设置 Dataframe loc 导致 SQL 字符串 - 元组错误

Setting Dataframe loc result in SQL string - Tuples Error

当我在 pd.read_sql_query 字符串中使用 df.loc 值时出现元组错误。

import pyodbc as db
import pandas as pd

#Connection String
Conn = db.connect('Driver={driver};Server=server;Database=db;Trusted_Connection=yes')

#DataFrame that stores SQL LookUp Table
dfSQLLookUp = pd.read_sql_query('Select col1, 
col2 from dbo.LookUp_TableNames', Conn)

#Loop to store table in Dataframe and (eventually) ouput to Excel file
varIndex = -1
for i in dfSQLLookUp.itertuples():
varIndex += 1
dfResults = pd.read_sql_query('if (exists (select * from information_schema.TABLES where TABLE_SCHEMA = dbo and TABLE_NAME = {})) select * from dbo.{} else print table does not exist'.format(dfSQLLookUp.loc[varIndex, 'SQLTableNameColumn']), Conn)

当我打印 df.loc 值时:

import pyodbc as db
import pandas as pd

#Connection String
Conn = db.connect('Driver={driver};Server=server;Database=db;Trusted_Connection=yes')

#DataFrame that stores SQL LookUp Table
dfSQLLookUp = pd.read_sql_query('Select col1, 
col2 from dbo.LookUp_TableNames', Conn)

varIndex = -1
for i in dfSQLNames.itertuples():
    varIndex += 1
    print (dfSQLNames.loc[varIndex, 'IFSFlatFileName'])

返回了正确的字符串值。这是 pd.read_sql_query 语法的问题吗?还是元组错误?感谢任何见解。

元组错误文本:

dfResults = pd.read_sql_query('if (exists (select * from information_schema.TABLES where TABLE_SCHEMA = dbo and TABLE_NAME = {})) select * from dbo.{} else print table does not exist'.format(dfSQLLookUp.loc[varIndex, 'SQLTableNamesColumn']), Conn) IndexError: tuple index out of range Press any key to continue . . .

正如@MaxU 在评论中提到的,Pandas / SQL Alchemy 不支持 T-SQL。这很可能是引发元组错误的原因。为了绕过 Pandas / SQL Alchemy 的限制,我在 SQL 中创建了一个存储过程来填充查找 table。我还必须在过程中设置 NOCOUNT ON,因为在 Python 中调用过程时出现 NullType 错误。下面是最终结果。
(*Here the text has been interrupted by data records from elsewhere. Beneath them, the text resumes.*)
(* Let $m\geq 3$ be odd, $n=3m$, and let $\mathcal{L}_n$ be the latin square defined below. Every transversal of $\mathcal{L}_n$ contains at least one entry of the block $A_{22}$.
   Context: A latin square of order $n$ is viewed as its set of entries $(r,c,s)$ (symbol $s$ in row $r$, column $c$); a transversal is a set of $n$ entries containing each row, column and symbol exactly once. Let $m\ge3$ be odd and $n=3m$. The latin square $\mathcal{L}_n$ has rows, columns and symbols in $\{0,1,\dots,n-1\}$ and is partitioned into nine $m\times m$ blocks $A_{ij}$, $i,j\in\{1,2,3\}$: for $a,b\in\{0,\dots,m-1\}$, the cell in row $(i-1)m+a$ and column $(j-1)m+b$ contains $A_{ij}[a,b]$. Writing $t$ for the residue of $a+b$ modulo $m$ in $\{0,\dots,m-1\}$, $A_{ij}[a,b]=t$ if $t\neq 0$ and $i+j\equiv 2\pmod 3$; $A_{ij}[a,b]=t+m$ if $t\neq m-1$ and $i+j\equiv 0\pmod 3$; $A_{ij}[a,b]=t+2m$ if $t\neq m-1$ and $i+j\equiv1\pmod3$; $A_{ij}[a,b]=0$ if $t=0$ and $(i,j)=(1,1)$; $A_{ij}[a,b]=2m-1$ if $t=0$ and $(i,j)=(2,3)$; $A_{ij}[a,b]=3m-1$ if $t=0$ and $(i,j)=(3,2)$; $A_{ij}[a,b]=0$ if $t=m-1$ and $(i,j)\in\{(2,2),(3,3)\}$; $A_{ij}[a,b]=2m-1$ if $t=m-1$ and $(i,j)\in\{(1,2),(3,1)\}$; $A_{ij}[a,b]=3m-1$ if $t=m-1$ and $(i,j)\in\{(1,3),(2,1)\}$. An entry of $\mathcal{L}_n$ is said to be in block $A_{ij}$ if its cell lies in that block. *)

From mathcomp Require Import all_boot.
Set Implicit Arguments. Unset Strict Implicit. Unset Printing Implicit Defensive.

(* Block entry A_ij[a,b] for block indices i j in {1,2,3}, with m the block size. *)
Definition blockA (m i j a b : nat) : nat :=
  let t := (a + b) %% m in
  let s := (i + j) %% 3 in
  if (t != 0) && (s == 2) then t
  else if (t != m.-1) && (s == 0) then t + m
  else if (t != m.-1) && (s == 1) then t + 2 * m
  else if (t == 0) && (i == 1) && (j == 1) then 0
  else if (t == 0) && (i == 2) && (j == 3) then 2 * m - 1
  else if (t == 0) && (i == 3) && (j == 2) then 3 * m - 1
  else if (t == m.-1) && (((i == 2) && (j == 2)) || ((i == 3) && (j == 3))) then 0
  else if (t == m.-1) && (((i == 1) && (j == 2)) || ((i == 3) && (j == 1))) then 2 * m - 1
  else if (t == m.-1) && (((i == 1) && (j == 3)) || ((i == 2) && (j == 1))) then 3 * m - 1
  else 0.

(* Symbol of L_n (n = 3m) in row r, column c: row r = (i-1)m + a, column c = (j-1)m + b. *)
Definition Lsym (m r c : nat) : nat :=
  blockA m (r %/ m).+1 (c %/ m).+1 (r %% m) (c %% m).

Definition Lentries (m : nat) : {set 'I_(3 * m) * 'I_(3 * m) * 'I_(3 * m)} :=
  [set e : 'I_(3 * m) * 'I_(3 * m) * 'I_(3 * m) | nat_of_ord e.2 == Lsym m e.1.1 e.1.2].

Definition is_latin_transversal (m : nat) (T : {set 'I_(3 * m) * 'I_(3 * m) * 'I_(3 * m)}) : Prop :=
  [/\ T \subset Lentries m, #|T| = 3 * m,
      forall r : 'I_(3 * m), #|[set e in T | e.1.1 == r]| = 1,
      forall c : 'I_(3 * m), #|[set e in T | e.1.2 == c]| = 1 &
      forall s : 'I_(3 * m), #|[set e in T | e.2 == s]| = 1].

Definition in_A22 (m : nat) (e : 'I_(3 * m) * 'I_(3 * m) * 'I_(3 * m)) : bool :=
  (e.1.1 %/ m == 1) && (e.1.2 %/ m == 1).

From mathcomp Require Import all_boot zify.
Set Implicit Arguments.
Unset Strict Implicit.
Unset Printing Implicit Defensive.

(* Outside A_22, L_n is the banded square whose symbol in block (i, j) at offset
   t = (r + c) mod m is t + m ((i + j) mod 3), except on five classes of defect
   cells: offset 0 in A_23 and A_32, offset m - 1 in A_21, A_31 and A_33.
   Let T be a transversal avoiding A_22. Over T, symbol - row - column sums to
   0 modulo m because m is odd, while each defect in A_23 or A_32 contributes -1
   and each defect in A_33 contributes +1; so T uses as many A_33 defects as
   A_23 and A_32 defects together. Counting the symbols of T below m and below
   2m against the row and column counts of the blocks then gives
   3 |T ∩ A_11| <= 1 and |T ∩ A_33| = 2 |T ∩ A_11|, so T misses A_11 and A_33,
   the only blocks where symbol 0 occurs. *)

Lemma sum_ltn_ord n k : \sum_(x < n) (x < k : nat) = minn k n.
Proof. by elim: n => [|n IHn]; rewrite ?big_ord0 ?big_ord_recr /= ?IHn; lia. Qed.

Lemma sum_eqn_ord n k : \sum_(x < n) ((x : nat) == k : nat) = (k < n).
Proof. by elim: n => [|n IHn]; rewrite ?big_ord0 ?big_ord_recr /= ?IHn; lia. Qed.

Lemma sum_divn_eq_ord k m i : 0 < m -> i < k -> \sum_(x < k * m) (x %/ m == i : nat) = m.
Proof.
move=> m_gt0 lt_ik; have lt_divn j x : (x %/ m < j) = (x < j * m) by rewrite ltn_divLR.
rewrite (eq_bigr (fun x : 'I_(k * m) => (x < i.+1 * m) - (x < i * m))) => [|x _]; last first.
  by rewrite -!lt_divn; lia.
rewrite sumnB => [|x _]; last by rewrite -!lt_divn; lia.
rewrite !sum_ltn_ord !(minn_idPl _) ?leq_mul2r ?lt_ik ?(ltnW lt_ik) ?orbT //.
by rewrite mulSn addnK.
Qed.

Lemma sum_id_ord n : \sum_(x < n) x = 'C(n, 2).
Proof. by rewrite -(big_mkord xpredT (fun x => x)) bin2_sum. Qed.

Lemma sum_proj_fibres1 (I J : finType) (A : {set I}) (p : I -> J) (F : J -> nat) :
  (forall y, #|[set x in A | p x == y]| = 1) -> \sum_(x in A) F (p x) = \sum_y F y.
Proof.
move=> fibres1; rewrite (partition_big p xpredT) //=; apply: eq_bigr => y _.
rewrite (eq_bigr (fun _ => F y)) => [|x /andP[_ /eqP->]] //.
by rewrite sum_nat_const -cardsE fibres1 mul1n.
Qed.

Lemma eq_sum_modn (I : finType) (A : {pred I}) (F G : I -> nat) d :
  (forall i, i \in A -> F i = G i %[mod d]) ->
  \sum_(i in A) F i = \sum_(i in A) G i %[mod d].
Proof. by move=> eqFG; rewrite -modn_summ (eq_bigr _ eqFG) modn_summ. Qed.

Lemma eq_modn_mulD d x y p q : x + d * p = y + d * q -> x = y %[mod d].
Proof.
by move=> e; rewrite -(modnMDl p x) -(modnMDl q y) !(mulnC _ d) !(addnC (d * _)) e.
Qed.

Section Cells.
Variable m : nat.
Hypothesis m_ge3 : 3 <= m.

(* Blocks are numbered from 0, so the paper's A_ij is [in_block (i-1) (j-1)];
   [offset] is the paper's t, and [at_cell i j k] selects the cells of a block
   with t = k. *)
Definition offset (r c : nat) : nat := (r + c) %% m.
Definition band (r c : nat) : nat := (r %/ m + c %/ m) %% 3.
Definition in_block (i j r c : nat) : bool := (r %/ m == i) && (c %/ m == j).
Definition at_cell (i j k r c : nat) : bool := in_block i j r c && (offset r c == k).

Lemma at_cell_in_block i j k r c : at_cell i j k r c <= in_block i j r c.
Proof. by rewrite /at_cell; case: (in_block i j r c); case: (offset r c == k). Qed.

Lemma in_block_row i r c : c < 3 * m ->
  (r %/ m == i : nat) = in_block i 0 r c + in_block i 1 r c + in_block i 2 r c.
Proof.
rewrite -ltn_divLR ?(leq_trans _ m_ge3) // /in_block.
by case: (c %/ m) => [|[|[|]]] //= _; rewrite ?andbT ?andbF ?addn0.
Qed.

Lemma in_block_col j r c : r < 3 * m ->
  (c %/ m == j : nat) = in_block 0 j r c + in_block 1 j r c + in_block 2 j r c.
Proof.
rewrite -ltn_divLR ?(leq_trans _ m_ge3) // /in_block.
by case: (r %/ m) => [|[|[|]]] //= _; rewrite ?addn0.
Qed.

Lemma cell_coords r c : r < 3 * m -> c < 3 * m ->
  [/\ r %/ m < 3, c %/ m < 3, r %% m < m, c %% m < m &
      [/\ (r + c) %% m < m, (r %% m + c %% m) %/ m < 2 &
      r %% m + c %% m = (r + c) %% m + m * ((r %% m + c %% m) %/ m)]].
Proof.
have m_gt0 : 0 < m by lia.
move=> hr hc; have ha := ltn_pmod r m_gt0; have hb := ltn_pmod c m_gt0.
have carry : r %% m + c %% m = (r + c) %% m + m * ((r %% m + c %% m) %/ m).
  by rewrite -modnDm mulnC [RHS]addnC -divn_eq.
by rewrite !ltn_divLR ?ltn_pmod //; split=> //; split=> //; lia.
Qed.

Section Cell.
Variables r c : nat.
Hypotheses (hr : r < 3 * m) (hc : c < 3 * m) (not_A22 : ~~ in_block 1 1 r c).

Local Ltac eval_mod3 :=
  repeat match goal with |- context [(?x + ?y) %% 3] =>
    let v := eval compute in ((x + y) %% 3) in change ((x + y) %% 3) with v end.

(* Splits into the eight blocks and the offsets 0, m - 1 and the others; every
   case is then linear arithmetic. *)
Local Ltac cell_cases :=
  move: not_A22 (cell_coords hr hc) (divn_eq r m) (divn_eq c m);
  rewrite /at_cell /in_block /offset /band;
  move: (r %% m) (c %% m) ((r + c) %% m) ((r %% m + c %% m) %/ m) => ? ? ? ?;
  move: (r %/ m) (c %/ m) => [|[|[|?]]] [|[|[|?]]] //=; eval_mod3;
  move=> _ [? ? ? ? [? ? ?]] ? ?; repeat case: ifP; move=> *; lia.

Lemma Lsym_defects :
  Lsym m r c =
    if at_cell 2 2 m.-1 r c then 0
    else if at_cell 1 2 0 r c || at_cell 2 0 m.-1 r c then 2 * m - 1
    else if at_cell 2 1 0 r c || at_cell 1 0 m.-1 r c then 3 * m - 1
    else offset r c + m * band r c.
Proof. rewrite /Lsym /blockA modnDm; cell_cases. Qed.

Local Notation s := (Lsym m r c).

Lemma band0_balance :
  (s < m) + at_cell 1 2 0 r c + at_cell 2 1 0 r c =
  in_block 0 0 r c + in_block 1 2 r c + in_block 2 1 r c + at_cell 2 2 m.-1 r c.
Proof. rewrite Lsym_defects; cell_cases. Qed.

Lemma bands01_balance :
  (s < 2 * m) + at_cell 2 1 0 r c + at_cell 1 0 m.-1 r c =
  in_block 0 0 r c + in_block 0 1 r c + in_block 1 0 r c + in_block 1 2 r c +
  in_block 2 1 r c + in_block 2 2 r c + at_cell 2 0 m.-1 r c.
Proof. rewrite Lsym_defects; cell_cases. Qed.

Lemma Lsym_eq0 : (s == 0 : nat) = at_cell 0 0 0 r c + at_cell 2 2 m.-1 r c.
Proof. rewrite Lsym_defects; cell_cases. Qed.

Lemma Lsym_eq_2m1 : at_cell 1 2 0 r c <= (s == 2 * m - 1).
Proof. rewrite Lsym_defects; cell_cases. Qed.

Lemma Lsym_eq_3m1 : at_cell 2 1 0 r c + at_cell 1 0 m.-1 r c <= (s == 3 * m - 1).
Proof. rewrite Lsym_defects; cell_cases. Qed.

Lemma Lsym_congr :
  s + at_cell 1 2 0 r c + at_cell 2 1 0 r c = r + c + at_cell 2 2 m.-1 r c %[mod m].
Proof.
(* The multiples of m on both sides are read off the table of [Lsym_defects]. *)
apply: (@eq_modn_mulD _ _ _
  (r %/ m + c %/ m + (r %% m + c %% m) %/ m + 2 * at_cell 2 2 m.-1 r c + at_cell 2 0 m.-1 r c)
  (band r c + 2 * at_cell 1 2 0 r c + 3 * at_cell 2 1 0 r c + at_cell 1 0 m.-1 r c)).
rewrite Lsym_defects; cell_cases.
Qed.

End Cell.
End Cells.

Section Transversal.
Variables (m : nat) (T : {set 'I_(3 * m) * 'I_(3 * m) * 'I_(3 * m)}).
Hypotheses (m_ge3 : 3 <= m) (m_odd : odd m) (T_transversal : is_latin_transversal T)
  (T_avoids_A22 : forall e, e \in T -> ~~ in_A22 e).

Let m_gt0 : 0 < m := ltnW (ltnW m_ge3).

Local Notation X i j := (\sum_(e in T) (in_block m i j e.1.1 e.1.2 : nat)).
Local Notation D i j k := (\sum_(e in T) (at_cell m i j k e.1.1 e.1.2 : nat)).

Lemma entry_cell e : e \in T ->
  [/\ e.1.1 < 3 * m, e.1.2 < 3 * m, ~~ in_block m 1 1 e.1.1 e.1.2 &
      nat_of_ord e.2 = Lsym m e.1.1 e.1.2].
Proof.
move=> eT; split; [exact: ltn_ord | exact: ltn_ord | exact: T_avoids_A22 |].
by case: T_transversal => /subsetP/(_ e eT); rewrite inE => /eqP.
Qed.

Lemma sum_rows (F : nat -> nat) : \sum_(e in T) F e.1.1 = \sum_(x < 3 * m) F x.
Proof.
by case: T_transversal => _ _ rows _ _; exact: (sum_proj_fibres1 (fun x : 'I_(3 * m) => F x) rows).
Qed.

Lemma sum_cols (F : nat -> nat) : \sum_(e in T) F e.1.2 = \sum_(x < 3 * m) F x.
Proof.
by case: T_transversal => _ _ _ cols _; exact: (sum_proj_fibres1 (fun x : 'I_(3 * m) => F x) cols).
Qed.

Lemma sum_symbols (F : nat -> nat) : \sum_(e in T) F e.2 = \sum_(x < 3 * m) F x.
Proof.
by case: T_transversal => _ _ _ _ syms; exact: (sum_proj_fibres1 (fun x : 'I_(3 * m) => F x) syms).
Qed.

Lemma symbol_count_lt k : k <= 3 * m -> \sum_(e in T) (e.2 < k : nat) = k.
Proof.
by move=> le_k; rewrite (sum_symbols (fun x => (x < k : nat))) sum_ltn_ord; apply/minn_idPl.
Qed.

Lemma symbol_count_eq k : k < 3 * m -> \sum_(e in T) ((e.2 : nat) == k : nat) = 1.
Proof. by move=> lt_k; rewrite (sum_symbols (fun x => (x == k : nat))) sum_eqn_ord lt_k. Qed.

Lemma block_row_count i : i < 3 -> X i 0 + X i 1 + X i 2 = m.
Proof.
move=> lt_i3; apply: etrans (sum_divn_eq_ord (k := 3) m_gt0 lt_i3).
rewrite -(sum_rows (fun x => (x %/ m == i : nat))) -!big_split.
by apply: eq_bigr => e /entry_cell[_ hc _ _]; rewrite (in_block_row m_ge3 i _ hc).
Qed.

Lemma block_col_count j : j < 3 -> X 0 j + X 1 j + X 2 j = m.
Proof.
move=> lt_j3; apply: etrans (sum_divn_eq_ord (k := 3) m_gt0 lt_j3).
rewrite -(sum_cols (fun x => (x %/ m == j : nat))) -!big_split.
by apply: eq_bigr => e /entry_cell[hr _ _ _]; rewrite (in_block_col m_ge3 j _ hr).
Qed.

Lemma A22_count : X 1 1 = 0.
Proof. by apply: big1 => e /T_avoids_A22 /negbTE A22F; exact: (congr1 nat_of_bool A22F). Qed.

Lemma at_cell_count_le i j k : D i j k <= X i j.
Proof. by apply: leq_sum => e _; apply: at_cell_in_block. Qed.

Lemma band0_count : m + D 1 2 0 + D 2 1 0 = X 0 0 + X 1 2 + X 2 1 + D 2 2 m.-1.
Proof.
rewrite -[k in k + _ + _ = _](@symbol_count_lt m) ?leq_pmull // -!big_split.
by apply: eq_bigr => e /entry_cell[hr hc hA ->]; apply: band0_balance.
Qed.

Lemma bands01_count :
  2 * m + D 2 1 0 + D 1 0 m.-1 =
  X 0 0 + X 0 1 + X 1 0 + X 1 2 + X 2 1 + X 2 2 + D 2 0 m.-1.
Proof.
rewrite -[k in k + _ + _ = _](@symbol_count_lt (2 * m)) ?leq_mul2r ?orbT // -!big_split.
by apply: eq_bigr => e /entry_cell[hr hc hA ->]; apply: bands01_balance.
Qed.

Lemma zero_count : D 0 0 0 + D 2 2 m.-1 = 1.
Proof.
rewrite -[RHS](@symbol_count_eq 0) ?muln_gt0 // -big_split.
by apply: eq_bigr => e /entry_cell[hr hc hA ->]; rewrite Lsym_eq0.
Qed.

Lemma top_symbol_counts : D 1 2 0 <= 1 /\ D 2 1 0 + D 1 0 m.-1 <= 1.
Proof.
split.
  rewrite -[leqRHS](@symbol_count_eq (2 * m - 1)); last lia.
  by apply: leq_sum => e /entry_cell[hr hc hA ->]; apply: Lsym_eq_2m1.
rewrite -big_split -[leqRHS](@symbol_count_eq (3 * m - 1)); last lia.
by apply: leq_sum => e /entry_cell[hr hc hA ->]; apply: Lsym_eq_3m1.
Qed.

Lemma defect_balance : D 2 2 m.-1 = D 1 2 0 + D 2 1 0.
Proof.
have congr : \sum_(e in T) e.2 + D 1 2 0 + D 2 1 0
    = \sum_(e in T) e.1.1 + \sum_(e in T) e.1.2 + D 2 2 m.-1 %[mod m].
  rewrite -!big_split; apply: eq_sum_modn => e /entry_cell[hr hc hA ->].
  exact: Lsym_congr.
have S_mod_m : 'C(3 * m, 2) %% m = 0.
  have odd_3m : odd (3 * m) by rewrite oddM m_odd.
  by apply/eqP; rewrite -/(m %| _) bin2odd //; apply/dvdn_mulr/dvdn_mull.
move: congr; rewrite (sum_symbols id) (sum_rows id) (sum_cols id) sum_id_ord.
move/eqP; rewrite -!addnA eqn_modDl -[('C(_, _) + _) %% m]modnDml S_mod_m add0n.
have [top23 top32] := top_symbol_counts; have zero := zero_count.
by rewrite !modn_small => [/eqP||]; lia.
Qed.

Lemma no_transversal_avoiding_A22 : False.
Proof.
have := @block_row_count 0 isT; have := @block_row_count 1 isT; have := @block_row_count 2 isT.
have := @block_col_count 0 isT; have := @block_col_count 1 isT; have := @block_col_count 2 isT.
have [top23 top32] := top_symbol_counts.
have := A22_count; have := band0_count; have := bands01_count; have := zero_count.
have := defect_balance; have := at_cell_count_le 0 0 0; have := at_cell_count_le 2 2 m.-1.
lia.
Qed.

End Transversal.

Theorem lemma13 (m : nat) (hm : 3 <= m) (hodd : odd m)
  (T : {set 'I_(3 * m) * 'I_(3 * m) * 'I_(3 * m)}) :
  is_latin_transversal T -> exists2 e, e \in T & in_A22 e.
Proof.
move=> T_transversal; apply/exists_inP; apply: contraT.
rewrite negb_exists_in => /forall_inP T_avoids_A22.
by case: (no_transversal_avoiding_A22 hm hodd T_transversal T_avoids_A22).
Qed.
希望这可以帮助其他人代替我。

import pyodbc as db
import pandas as pd

#Database Connection String
Conn = db.connect('Driver={driver};Server=server;Database=db;Trusted_Connection=yes')

#DataFrame that stores the LookUp values for the SQL table names and the Excel file names
dfSQLLookUp = pd.read_sql_query('Exec dbo.uspDataFrameLookUp', Conn)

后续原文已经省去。